Stimulated by increases in the money supply, stock prices began to escalate. Titans of industry like Cornelius Vanderbilt and John Jacob Astor were busy raising massive amounts of capital for railroad construction, aided by a rash of new banks opening up and providing easy capital.

Construction was also encouraged by successive governments as a way of developing the country. By 1857 a buoyant market had turned into fully-fledged bubble, with the inevitable result. Several factors came together to cause a crash.

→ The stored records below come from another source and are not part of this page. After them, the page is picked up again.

(* Let $\widehat\Psi\in\mathcal P_c(Y)$. There exists an increasing continuous function $R:[0,+\infty)\to[0,+\infty)$ such that for every $T\ge0$, every $k$ and every $t\in[0,T]$, $\Psi^k(t),\ \underline\Psi^k(t),\ \widetilde\Psi^k(t)\in\mathcal P(B^Y_{R(T)})$, where these are the curves of the Markov alternate scheme started at $\widehat\Psi$.
   Context: Markov setting. Fix $n\ge2$, $d\ge1$. $\Lambda_n:=\{\lambda\in\mathbb R^n:\lambda_h>0,\ \sum_h\lambda_h=1\}$, $\overline\Lambda_n$ its closure, identified with $\mathcal P(U)$ for $U:=\{e_1,\dots,e_n\}\subset\mathbb R^n$. $Y:=\mathbb R^d\times\overline\Lambda_n$ with norm $\|(x,\lambda)\|:=|x|+\|\lambda\|_{\mathrm{BL}}$, $\|\mu\|_{\mathrm{BL}}:=\sup\{\sum_h\mu_h\varphi(e_h):\|\varphi\|_\infty+\mathrm{Lip}(\varphi)\le1\}$; $B_R:=\{|x|\le R\}\subset\mathbb R^d$, $B^Y_R:=\{y\in Y:\|y\|\le R\}$. $\mathcal P_1(Y)$, $\mathcal P_c(Y)$, $\mathcal P(K)$: probability measures with finite first moment, compact support, support in $K$; $W_1$ the Kantorovich–Rubinstein distance for $\|\cdot\|$; $m_1(\Psi):=\int\|y\|d\Psi$. A map $\mathcal Q:\mathbb R^d\times\mathcal P_1(Y)\to\mathbb R^{n\times n}$ satisfies (Q0) $\mathcal Q_{h\ell}\ge0$ for $h\ne\ell$, $\mathcal Q_{hh}=-\sum_{\ell\ne h}\mathcal Q_{\ell h}$; (Q1) there is a unique $\sigma(x,\Psi)\in\Lambda_n$ with $\mathcal Q_{h\ell}\sigma_\ell=\mathcal Q_{\ell h}\sigma_h$; (Q2) $|\mathcal Q(x_1,\Psi_1)-\mathcal Q(x_2,\Psi_2)|\le L_{\mathcal Q,R}(|x_1-x_2|+W_1(\Psi_1,\Psi_2))$ for $x_i\in B_R$, $\Psi_i\in\mathcal P(B^Y_R)$; (Q3) $|\mathcal Q(x,\Psi)|\le M_{\mathcal Q}(1+|x|+m_1(\Psi))$. Velocity fields $v_\Psi:Y\to\mathbb R^d$ satisfy (v1) $|v_\Psi(y_1)-v_\Psi(y_2)|\le L_{v,R}\|y_1-y_2\|$ for $y_i\in B^Y_R$, $\Psi\in\mathcal P(B^Y_R)$; (v2) $|v_{\Psi_1}(y)-v_{\Psi_2}(y)|\le L_{v,R}W_1(\Psi_1,\Psi_2)$ for $\Psi_i\in\mathcal P(B^Y_R)$, $y\in B^Y_R$; (v3) $|v_\Psi(y)|\le M_v(1+\|y\|+m_1(\Psi))$. $E(x,\lambda,\Psi):=\sum_h\lambda_h\ln(\lambda_h/\sigma_h(x,\Psi))$; $\Phi(a,b):=\frac{a-b}{\ln a-\ln b}$, $\Phi(a,a):=a$; $K(x,\lambda,\Psi):=\sum_{\ell=2}^n\sum_{h<\ell}\mathcal Q_{h\ell}\sigma_\ell\Phi(\lambda_h/\sigma_h,\lambda_\ell/\sigma_\ell)(e_h-e_\ell)\otimes(e_h-e_\ell)$; $G$ its inverse on $\mathbb R^n_0:=\{\sum\xi_h=0\}$; $\mathsf d_{(x,\Psi)}(\lambda_1,\lambda_2):=\inf\{\int_0^1\langle G(x,\rho,\Psi)\rho',\rho'\rangle^{1/2}ds:\rho\in C^1([0,1];\Lambda_n),\rho(0)=\lambda_1,\rho(1)=\lambda_2\}$; $E$ and $\mathsf d$ are extended continuously to $\overline\Lambda_n$. Markov alternate scheme. Let $\tau_k>0$, $\tau_k\to0$, $t^k_i:=i\tau_k$ ($i\in\mathbb N$), $\Psi^k_0:=\widehat\Psi$. Given $\Psi^k_i$, for $(x,\lambda)\in Y$ let $\lambda^{\mathrm{new}}(x,\lambda)$ be a minimizer (measurably selected) of $\rho\mapsto E(x,\rho,\Psi^k_i)+\frac1{2\tau_k}\mathsf d^2_{(x,\Psi^k_i)}(\rho,\lambda)$ over $\overline\Lambda_n$; for $t\in[t^k_i,t^k_{i+1}]$: $\Lambda^k_{i+1}(t,x,\lambda):=\lambda+\frac{t-t^k_i}{\tau_k}(\lambda^{\mathrm{new}}(x,\lambda)-\lambda)$; $\widetilde\Psi^k_{i+1}:=$ push-forward of $\Psi^k_i$ under $(x,\lambda)\mapsto(x,\Lambda^k_{i+1}(t^k_{i+1},x,\lambda))$; $X^k_{i+1}(t,x,\lambda):=x+(t-t^k_i)v_{\widetilde\Psi^k_{i+1}}(x,\Lambda^k_{i+1}(t^k_{i+1},x,\lambda))$; $\Psi^k(t):=(X^k_{i+1}(t,\cdot),\Lambda^k_{i+1}(t,\cdot))_\#\Psi^k_i$, $\Psi^k_{i+1}:=\Psi^k(t^k_{i+1})$; $\widetilde\Psi^k(t):=\widetilde\Psi^k_{i+1}$ on $(t^k_i,t^k_{i+1}]$, $\underline\Psi^k(t):=\Psi^k_i$ on $[t^k_i,t^k_{i+1})$. *)

From HB Require Import structures.
From mathcomp Require Import all_boot all_order all_algebra.
From mathcomp Require Import all_classical all_reals all_analysis.
Set Implicit Arguments. Unset Strict Implicit. Unset Printing Implicit Defensive.
Import Order.TTheory GRing.Theory Num.Theory.
Import numFieldNormedType.Exports.
Local Open Scope classical_set_scope.
Local Open Scope ring_scope.

Section MarkovScheme.
Variables (R : realType) (d n : nat).

Definition enorm m (x : 'rV[R]_m) : R := Num.sqrt (\sum_(i < m) x ord0 i ^+ 2).

(* Frobenius norm of an n x n matrix (any matrix norm: all are equivalent). *)
Definition mnorm (M : 'M[R]_n) : R := Num.sqrt (\sum_(i < n) \sum_(j < n) M i j ^+ 2).

Definition ev (h : 'I_n) : 'rV[R]_n := delta_mx ord0 h.

Definition simplex (l : 'rV[R]_n) : Prop :=
  (forall h, 0 < l ord0 h) /\ \sum_(h < n) l ord0 h = 1.
Definition csimplex (l : 'rV[R]_n) : Prop :=
  (forall h, 0 <= l ord0 h) /\ \sum_(h < n) l ord0 h = 1.

(* || phi ||_oo + Lip(phi) for phi : U -> R, U = {e_1,...,e_n} *)
Definition phi_supnorm (phi : 'I_n -> R) : R := \big[Num.max/0]_(h < n) `|phi h|.
Definition phi_lip (phi : 'I_n -> R) : R :=
  \big[Num.max/0]_(h < n) \big[Num.max/0]_(l < n | l != h)
     (`|phi h - phi l| / enorm (ev h - ev l)).

(* bounded-Lipschitz norm of a (signed) measure mu on U, seen as a vector *)
Definition blnorm (mu : 'rV[R]_n) : R :=
  sup [set s | exists phi : 'I_n -> R,
        phi_supnorm phi + phi_lip phi <= 1 /\ s = \sum_(h < n) mu ord0 h * phi h].

(* ambient type of Y = R^d x closure(Lambda_n) *)
Definition Yt := ('rV[R]_d * 'rV[R]_n)%type.
Definition Yset : set Yt := [set y | csimplex y.2].
Definition ynorm (y : Yt) : R := enorm y.1 + blnorm y.2.
Definition ydist (y1 y2 : Yt) : R := enorm (y1.1 - y2.1) + blnorm (y1.2 - y2.2).
Definition ballR (r : R) : set 'rV[R]_d := [set x | enorm x <= r].
Definition ballY (r : R) : set Yt := [set y | ynorm y <= r].

Definition Ym := g_sigma_algebraType (@open Yt).
Definition Prob := probability Ym R.

Definition supported_in (P : Prob) (K : set Yt) : Prop := P (~` K) = 0%E.
(* P in P(Y) and P in P(K) for K subset of Y *)
Definition inPY (P : Prob) : Prop := supported_in P Yset.
Definition inPK (P : Prob) (K : set Yt) : Prop := supported_in P (Yset `&` K).
Definition m1e (P : Prob) : \bar R := (\int[P]_y (ynorm y)%:E)%E.
Definition m1 (P : Prob) : R := fine (m1e P).
Definition inP1 (P : Prob) : Prop := inPY P /\ (m1e P < +oo)%E.
(* compact support in Y (compact subsets of Y are exactly the closed bounded ones) *)
Definition inPc (P : Prob) : Prop := inPY P /\ exists r : R, inPK P (ballY r).

(* Kantorovich-Rubinstein distance (dual formulation) for the norm of Y *)
Definition W1 (P1 P2 : Prob) : R :=
  sup [set s | exists f : Ym -> R, measurable_fun [set: Ym] f /\
        (forall y1 y2 : Yt, Yset y1 -> Yset y2 -> `|f y1 - f y2| <= ydist y1 y2) /\
        s = Rintegral P1 [set: Ym] f - Rintegral P2 [set: Ym] f].

Variable Q : 'rV[R]_d -> Prob -> 'M[R]_n.

Definition detailed_balance (x : 'rV[R]_d) (P : Prob) (s : 'rV[R]_n) : Prop :=
  forall h l, Q x P h l * s ord0 l = Q x P l h * s ord0 h.
(* sigma(x, Psi): the unique element of Lambda_n given by (Q1) *)
Definition sigma (x : 'rV[R]_d) (P : Prob) : 'rV[R]_n :=
  xget 0 [set s | simplex s /\ detailed_balance x P s].

(* relative entropy; with mathcomp's ln 0 = 0 this is already the continuous
   extension to the closed simplex (0 ln 0 = 0) *)
Definition Ent (x : 'rV[R]_d) (l : 'rV[R]_n) (P : Prob) : R :=
  \sum_(h < n) l ord0 h * ln (l ord0 h / sigma x P ord0 h).

Definition logmean (a b : R) : R := if a == b then a else (a - b) / (ln a - ln b).

Definition Kmat (x : 'rV[R]_d) (l : 'rV[R]_n) (P : Prob) : 'M[R]_n :=
  \sum_(l0 < n) \sum_(h < n | (h < l0)%N)
    (Q x P h l0 * sigma x P ord0 l0 *
       logmean (l ord0 h / sigma x P ord0 h) (l ord0 l0 / sigma x P ord0 l0))
    *: ((ev h - ev l0)^T *m (ev h - ev l0)).

(* G = inverse of K on R^n_0 = {sum xi = 0} *)
Definition Gapp (x : 'rV[R]_d) (l : 'rV[R]_n) (P : Prob) (xi : 'rV[R]_n) : 'rV[R]_n :=
  xget 0 [set eta : 'rV[R]_n | \sum_(i < n) eta ord0 i = 0 /\ eta *m Kmat x l P = xi].
Definition quadG (x : 'rV[R]_d) (l : 'rV[R]_n) (P : Prob) (xi : 'rV[R]_n) : R :=
  \sum_(i < n) Gapp x l P xi ord0 i * xi ord0 i.

Definition C1_curve (rho : R -> 'rV[R]_n) : Prop :=
  (forall s, 0 <= s <= 1 -> simplex (rho s)) /\
  (forall s, 0 <= s <= 1 -> derivable rho s 1) /\
  {within `[0, 1], continuous (derive1 rho)}.

Definition curve_length (x : 'rV[R]_d) (P : Prob) (rho : R -> 'rV[R]_n) : R :=
  Rintegral lebesgue_measure `[0, 1]
    (fun s => Num.sqrt (quadG x (rho s) P (derive1 rho s))).

Definition dist (x : 'rV[R]_d) (P : Prob) (l1 l2 : 'rV[R]_n) : R :=
  inf [set L | exists rho, C1_curve rho /\ rho 0 = l1 /\ rho 1 = l2 /\
                            L = curve_length x P rho].

(* its continuous extension to the closed simplex *)
Definition dbar (x : 'rV[R]_d) (P : Prob) (l1 l2 : 'rV[R]_n) : R :=
  xget 0 [set L | forall e : R, 0 < e -> exists2 del : R, 0 < del &
     forall m1 m2, simplex m1 -> simplex m2 -> enorm (m1 - l1) < del ->
       enorm (m2 - l2) < del -> `|dist x P m1 m2 - L| < e].

End MarkovScheme.

Section SchemeMaps.
Variables (R : realType) (d n : nat).

Definition tk (tau : nat -> R) (k i : nat) : R := i%:R * tau k.

Definition Lam (tau : nat -> R) (lnew : nat -> nat -> Yt R d n -> 'rV[R]_n)
    (k i : nat) (t : R) (y : Yt R d n) : 'rV[R]_n :=
  y.2 + ((t - tk tau k i) / tau k) *: (lnew k i y - y.2).

(* X^k_{i+1}(t, x, lambda); PsiT k i.+1 is tilde Psi^k_{i+1} *)
Definition Xmap (tau : nat -> R) (lnew : nat -> nat -> Yt R d n -> 'rV[R]_n)
    (v : Prob R d n -> Yt R d n -> 'rV[R]_d) (PsiT : nat -> nat -> Prob R d n)
    (k i : nat) (t : R) (y : Yt R d n) : 'rV[R]_d :=
  y.1 + (t - tk tau k i) *: v (PsiT k i.+1) (y.1, Lam tau lnew k i (tk tau k i.+1) y).

End SchemeMaps.

(* On Y the norm is ynorm (x, lambda) = |x| + 1, since the
   bounded-Lipschitz norm of a probability vector is 1.  The lambda-update
   does not move x, so it preserves the support ball B^Y_r.  During the
   transport step of length s <= tau, x moves by s |v|, and by (v3)
   |v| <= Mv (1 + 2 r) on measures supported in B^Y_r.  Hence the support
   radius r_i at the grid times satisfies r_{i+1} <= r_i + tau M (1 + 2 r_i),
   an explicit Euler step for r' = M (1 + 2 r), which is dominated by its
   exact solution growth(t) = ((1 + 2 r0) e^{2 M t} - 1) / 2.
   We take R(T) := growth(T) + T (the "+ T" makes it strictly increasing). *)

From HB Require Import structures.
From mathcomp Require Import all_boot all_order all_algebra.
From mathcomp Require Import all_classical all_reals all_analysis.
From mathcomp Require Import ring lra.
Import Order.TTheory GRing.Theory Num.Theory.
Import numFieldNormedType.Exports.
Local Open Scope classical_set_scope.
Local Open Scope ring_scope.
Set Implicit Arguments. Unset Strict Implicit. Unset Printing Implicit Defensive.

Section BoundedLipschitzNorm.
Variables (R : realType) (n : nat).
Implicit Types (mu nu l : 'rV[R]_n) (phi : 'I_n -> R).

Definition bl_tests mu : set R := [set s | exists phi,
  phi_supnorm phi + phi_lip phi <= 1 /\ s = \sum_(h < n) mu ord0 h * phi h].

Lemma bigmax_eq0 (I : finType) (P : pred I) (F : I -> R) :
  (forall i, P i -> F i = 0) -> \big[Num.max/0]_(i | P i) F i = 0.
Proof. by move=> F0; apply: (big_ind (eq^~ 0)) => // x y -> ->; rewrite maxxx. Qed.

Lower European demand for grain coincided with bumper crops that drove down prices. Many farmers were unable to service bank debts. Also, huge imports to the US meant the country was a net exporter of gold. This created a domestic shortage, dangerous in a time when currency was backed by gold.

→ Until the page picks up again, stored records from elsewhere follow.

(* Let $n\in\mathbb N$ and $c\in(0,1)$. Then, as $x\to+\infty$, $\mathbb P^T_n(x)=o(\log x)$ and $\mathbb P^T_n(x)=\omega(\log^c x)$ (i.e. $\mathbb P^T_n(x)/\log^c x\to+\infty$). In particular $\log\mathbb P^T_n(x)\sim\log\log x$.
   Context: Let $p_n$ denote the $n$-th prime number. Define $p^{(0)}_n=n$ and recursively $p^{(k+1)}_n=p_{p^{(k)}_n}$ for $k\in\mathbb N_0$. Let $\mathbb P^T_n=\{p^{(k)}_n:k\in\mathbb N\}$ and $\mathbb P^T_n(x)=\#\{a\le x: a\in\mathbb P^T_n\}$. $\log$ is the natural logarithm, $\log^c x=(\log x)^c$. *)

From HB Require Import structures.
From mathcomp Require Import all_boot all_order all_algebra.
From mathcomp Require Import all_classical all_reals all_analysis.
Set Implicit Arguments. Unset Strict Implicit. Unset Printing Implicit Defensive.
Import Order.TTheory GRing.Theory Num.Theory.

Lemma exists_prime_gt (m : nat) : exists p, (m < p) && prime p.
Proof. by case: (prime_above m) => p H1 H2; exists p; rewrite H1 H2. Qed.

Definition next_prime (m : nat) : nat := ex_minn (exists_prime_gt m).

(* nth_prime n = p_n, the n-th prime with 1-based indexing: p_1 = 2, p_2 = 3, ...
   (nth_prime 0 = 1 is a dummy value, never used for n >= 1). *)
Definition nth_prime (n : nat) : nat := iter n next_prime 1.

Definition iter_prime (k n : nat) : nat := iter k nth_prime n.

Definition inPT (n a : nat) : Prop := exists k, (1 <= k)%N /\ a = iter_prime k n.

(* P^T_n(x) = #{ a <= x : a in P^T_n }, for real x (natural a <= x iff a <= truncn x, x >= 0). *)
Definition PT (R : realType) (n : nat) (x : R) : nat :=
  (\sum_(0 <= a < (Num.truncn x).+1 | `[< inPT n a >]) 1)%N.

From HB Require Import structures.
From mathcomp Require Import all_boot all_order all_algebra.
From mathcomp Require Import all_classical all_reals all_analysis.
From mathcomp Require Import zify ring lra.
Set Implicit Arguments. Unset Strict Implicit. Unset Printing Implicit Defensive.
Import Order.TTheory GRing.Theory Num.Theory numFieldNormedType.Exports.
(* Let $G$ be a finite abelian group, $H\le G$, and let $m_I\ge0$ be integers for $I\le H$. Let $A=\coprod_{I\le H}\coprod_{m_I}G/I$ (the disjoint union of $m_I$ copies of $G/I$ for each $I\le H$) and let $\mathrm{Pr}:A\to G/H$ be the $G$-map given on each copy of $G/I$ by the natural projection $gI\mapsto gH$. Let $S$ be the set of maps $s:G/H\to A$ with $\mathrm{Pr}\circ s=\mathrm{id}_{G/H}$, with $G$-action $({}^g s)(x)=g\,s(g^{-1}x)$, and for $s\in S$ let $G_s$ be its stabilizer. Then for every $K\le G$, $$\#\{s\in S\mid K\le G_s\}=\Big(\sum_{K\cap H\le I\le H}m_I\,|H:I|\Big)^{|G:KH|}.$$ Consequently, the numbers $c(K)=\#\{s\in S\mid G_s=K\}$ satisfy $c(K)=\big(\sum_{K\cap H\le I\le H}m_I|H:I|\big)^{|G:KH|}-\sum_{K<L\le G}c(L)$.
   Context: $G$-sets are finite sets with a left action of the finite group $G$; $G/I$ denotes the set of left cosets with the left multiplication action. $|H:I|$ is the index, and $KH$ the subgroup generated by $K$ and $H$ (a product since $G$ is abelian). *)

From HB Require Import structures.
From mathcomp Require Import all_boot all_order all_fingroup.
Set Implicit Arguments. Unset Strict Implicit. Unset Printing Implicit Defensive.
Local Open Scope group_scope.

(* Copy labels: a copy of G/I is labelled by (I, j) with j < m I. *)
Definition copyT (gT : finGroupType) (m : {group gT} -> nat) : finType :=
  {I : {group gT} & 'I_(m I)}.

(* Elements of A are pairs (label (I,j), left coset C of I in G). *)
Definition Aelt (gT : finGroupType) (m : {group gT} -> nat) : finType :=
  (copyT m * {set gT})%type.

Definition inA (gT : finGroupType) (G H : {set gT}) (m : {group gT} -> nat)
  (a : Aelt m) : bool :=
  (tag a.1 \subset H) && (a.2 \in lcosets (tag a.1) G).

(* The projection Pr : A -> G/H, xI |-> xH (= (xI) H as I <= H). *)
Definition Pr (gT : finGroupType) (H : {set gT}) (m : {group gT} -> nat)
  (a : Aelt m) : {set gT} := a.2 * H.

During the summer of 1857, banks raised interest rates in a bid to attract gold deposits to their nearly empty vaults. Higher interest rates put pressure on many railroads and those many speculators who had borrowed to invest in railroad securities.

The first indicator of trouble was the collapse of the Ohio Life Insurance and Trust Company in August 1857. The firm had lent US$5m to railroad construction, which was slow in being repaid and lost millions more to a fraudulent manager.

Other banks became nervous and began to demand immediate payment of loans. They also became reluctant to make new loans. Nervous savers began to withdraw money from the banks and gold reserves plunged. A plan to replenish reserves with gold from the Californian fields failed when a ship carrying US$1.6m in gold and 400 passengers was sunk during a storm.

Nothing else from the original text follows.